In principle, it seems, such a solution may be added to the existing system without excessive demands on system resources.

That was the sort of thing I meant. When I reflash my routers I get SSH warnings which handily tell me the command ot use to remove the old hash, and I then just retype my original command.

To avoid the risk of bloat to opkg I'd have thought it would be reasonable for it to say somehting like "wpad-xxx conflicts with wpad-yyy. Consider using these commands to force replacement if xxx is a superset of yyy: ..."

You would have to know that xxx was a superset of yyy, but IMHO at the level that OpeWrt operates that is a reasonable responsibility to impose on the user.

To help build out the design and ensure the right approach is taken it would be interesting to see what set of metadata could describe this. A first pass might be to find which packages "clash" on at least one file. Hopefully they would be a good guide the the super / sub sets of functionality.

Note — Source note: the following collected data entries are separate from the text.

(* In the setting of the context (with assumptions (A.1)–(A.3)), suppose the PMM generates infinite sequences $\{(u_k,v_k)\}$, $\{(z_k,w_k)\}$, $\{\gamma_k\}$, $\{\rho_k\}$; define $x_k=z_{k-1}+\lambda w_{k-1}+\lambda(Cv_k-d)$, $y_k=x_k-\lambda(w_{k-1}-Mu_k)$, and for $k\ge1$ $$\Gamma_k=\sum_{j=1}^k\rho_j\gamma_j,\quad \bar u_k=\frac1{\Gamma_k}\sum_{j=1}^k\rho_j\gamma_ju_j,\quad \bar v_k=\frac1{\Gamma_k}\sum_{j=1}^k\rho_j\gamma_jv_j,\quad \bar x_k=\frac1{\Gamma_k}\sum_{j=1}^k\rho_j\gamma_jx_j,\quad \bar y_k=\frac1{\Gamma_k}\sum_{j=1}^k\rho_j\gamma_jy_j,$$ $$\bar\epsilon_k^u=\frac1{\Gamma_k}\sum_{j=1}^k\rho_j\gamma_j\langle u_j-\bar u_k,-M^*y_j\rangle,\qquad \bar\epsilon_k^v=\frac1{\Gamma_k}\sum_{j=1}^k\rho_j\gamma_j\langle v_j-\bar v_k,-C^*x_j\rangle.$$ Let $d_0$ be the distance from $(z_0,w_0)$ to $S_e(\partial h_1,\partial h_2)$, $\tau=\min\{\lambda,1/\lambda\}$ and $\vartheta=\frac{1}{\tau^2(1-\bar\rho)^2}+1$. Then for every integer $k\ge1$, $$0\in\partial_{\bar\epsilon_k^v}g(\bar v_k)+C^*\bar x_k,\qquad 0\in\partial_{\bar\epsilon_k^u}f(\bar u_k)+M^*\bar y_k,$$ $$\|M\bar u_k+C\bar v_k-d\|\le\frac{4d_0}{k(1-\bar\rho)\tau},\qquad \|\bar x_k-\bar y_k\|\le\frac{4d_0}{k(1-\bar\rho)\tau},\qquad \bar\epsilon_k^u+\bar\epsilon_k^v\le\frac{8d_0^2\vartheta}{k(1-\bar\rho)\tau}.$$
   Context: Let $f:\mathbb{R}^{m_1}\to(-\infty,\infty]$, $g:\mathbb{R}^{m_2}\to(-\infty,\infty]$ be proper closed convex, $M:\mathbb{R}^{m_1}\to\mathbb{R}^n$, $C:\mathbb{R}^{m_2}\to\mathbb{R}^n$ linear, $d\in\mathbb{R}^n$; consider $\min\{f(u)+g(v):Mu+Cv=d\}$ with Lagrangian $L(u,v,z)=f(u)+g(v)+\langle Mu+Cv-d,z\rangle$. A saddle point is $(u^*,v^*,z^* )$ with $L(u^*,v^*,z^* )$ finite and $\min_{(u,v)}L(u,v,z^* )=L(u^*,v^*,z^* )=\max_zL(u^*,v^*,z)$. Let $h_1(z)=f^*(-M^*z)$, $h_2(z)=g^*(-C^*z)+\langle d,z\rangle$ ($^*$ on functions = Fenchel conjugate, on operators = adjoint), and $S_e(\partial h_1,\partial h_2)=\{(z,w)\in\mathbb{R}^n\times\mathbb{R}^n:-w\in\partial h_1(z),\ w\in\partial h_2(z)\}$ (a closed convex set). Standing assumptions: (A.1) $L$ has a saddle point; (A.2) $\mathrm{ri}(\mathrm{dom} f^* )\cap\mathrm{range}(M^* )\ne\emptyset$; (A.3) $\mathrm{ri}(\mathrm{dom} g^* )\cap\mathrm{range}(C^* )\ne\emptyset$. For $\epsilon\ge0$, $\partial_\epsilon \theta(x)=\{s:\theta(x')\ge\theta(x)+\langle s,x'-x\rangle-\epsilon\ \forall x'\}$. PMM: given $(z_0,w_0)\in\mathbb{R}^n\times\mathbb{R}^n$, $\lambda>0$, $\bar\rho\in[0,1)$, for $k=1,2,\dots$: (1) let $v_k$ be a minimizer of $g(v)+\langle z_{k-1}+\lambda w_{k-1},Cv-d\rangle+\frac\lambda2\|Cv-d\|^2$ and $u_k$ a minimizer of $f(u)+\langle z_{k-1}+\lambda(Cv_k-d),Mu\rangle+\frac\lambda2\|Mu\|^2$; (2) if $\|Mu_k+Cv_k-d\|+\|Mu_k-w_{k-1}\|=0$ stop; otherwise set $\gamma_k=\dfrac{\lambda\|Cv_k-d+w_{k-1}\|^2+\lambda\langle d-Cv_k-Mu_k,w_{k-1}-Mu_k\rangle}{\|Mu_k+Cv_k-d\|^2+\lambda^2\|Mu_k-w_{k-1}\|^2}$; (3) choose $\rho_k\in[1-\bar\rho,1+\bar\rho]$ and set $z_k=z_{k-1}+\rho_k\gamma_k(Mu_k+Cv_k-d)$, $w_k=w_{k-1}-\rho_k\gamma_k\lambda(w_{k-1}-Mu_k)$. *)

(* R : realType, vectors are row vectors 'rV[R]_n,
   linear maps R^m -> R^n are matrices 'M[R]_(m,n) acting by u |-> u *m M,
   adjoint M^* is z |-> z *m M^T, extended-real valued functions take values
   in \bar R. *)
From HB Require Import structures.
From mathcomp Require Import all_boot all_order all_algebra.
From mathcomp Require Import boolp classical_sets reals constructive_ereal ereal.
Set Implicit Arguments. Unset Strict Implicit. Unset Printing Implicit Defensive.
Import Order.TTheory GRing.Theory Num.Theory.
Local Open Scope classical_set_scope.
Local Open Scope ring_scope.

For actual functionality I suspect it would be asier to just handle the "going from sub to super" scenario, which I think was what you hit. Tagging wpad-mesh-wolfssl as a "provider of" wpad-basic and allowing "atomic" uninstall of the latter while installing the former woiuld be a positive step for me. It wouldn't deal with uninstalling any no-longer required dependencies of wpad-basic or provide the reverse path of super-sub, but the latter case could still take the "message based" approach mentioned above.

I think it would have bad effects not to handle the reverse process, in many cases making a situation even more confusing for administrators than the current. The assumption behind using package managers is that returning to a previous package selection also returns the installed assets to a previous selection. It would not reflect a good design choice to bake irreversible effects into a system through a choice to install a package.

Keep it succinct, if printed to the console, e.g.:

wpad-basic: Package installation failed; conflict with wpad-basic

Or a cleanly-formatted version if possible in the graphical interface:

Installation failed for package wpad-mesh-openssl.

Conflict wtih installed packages:

  • wpad-basic

I admire your ambition. Hopefully you've seen enough positive engagement to be able to nudge that forwards and seek further help when needed.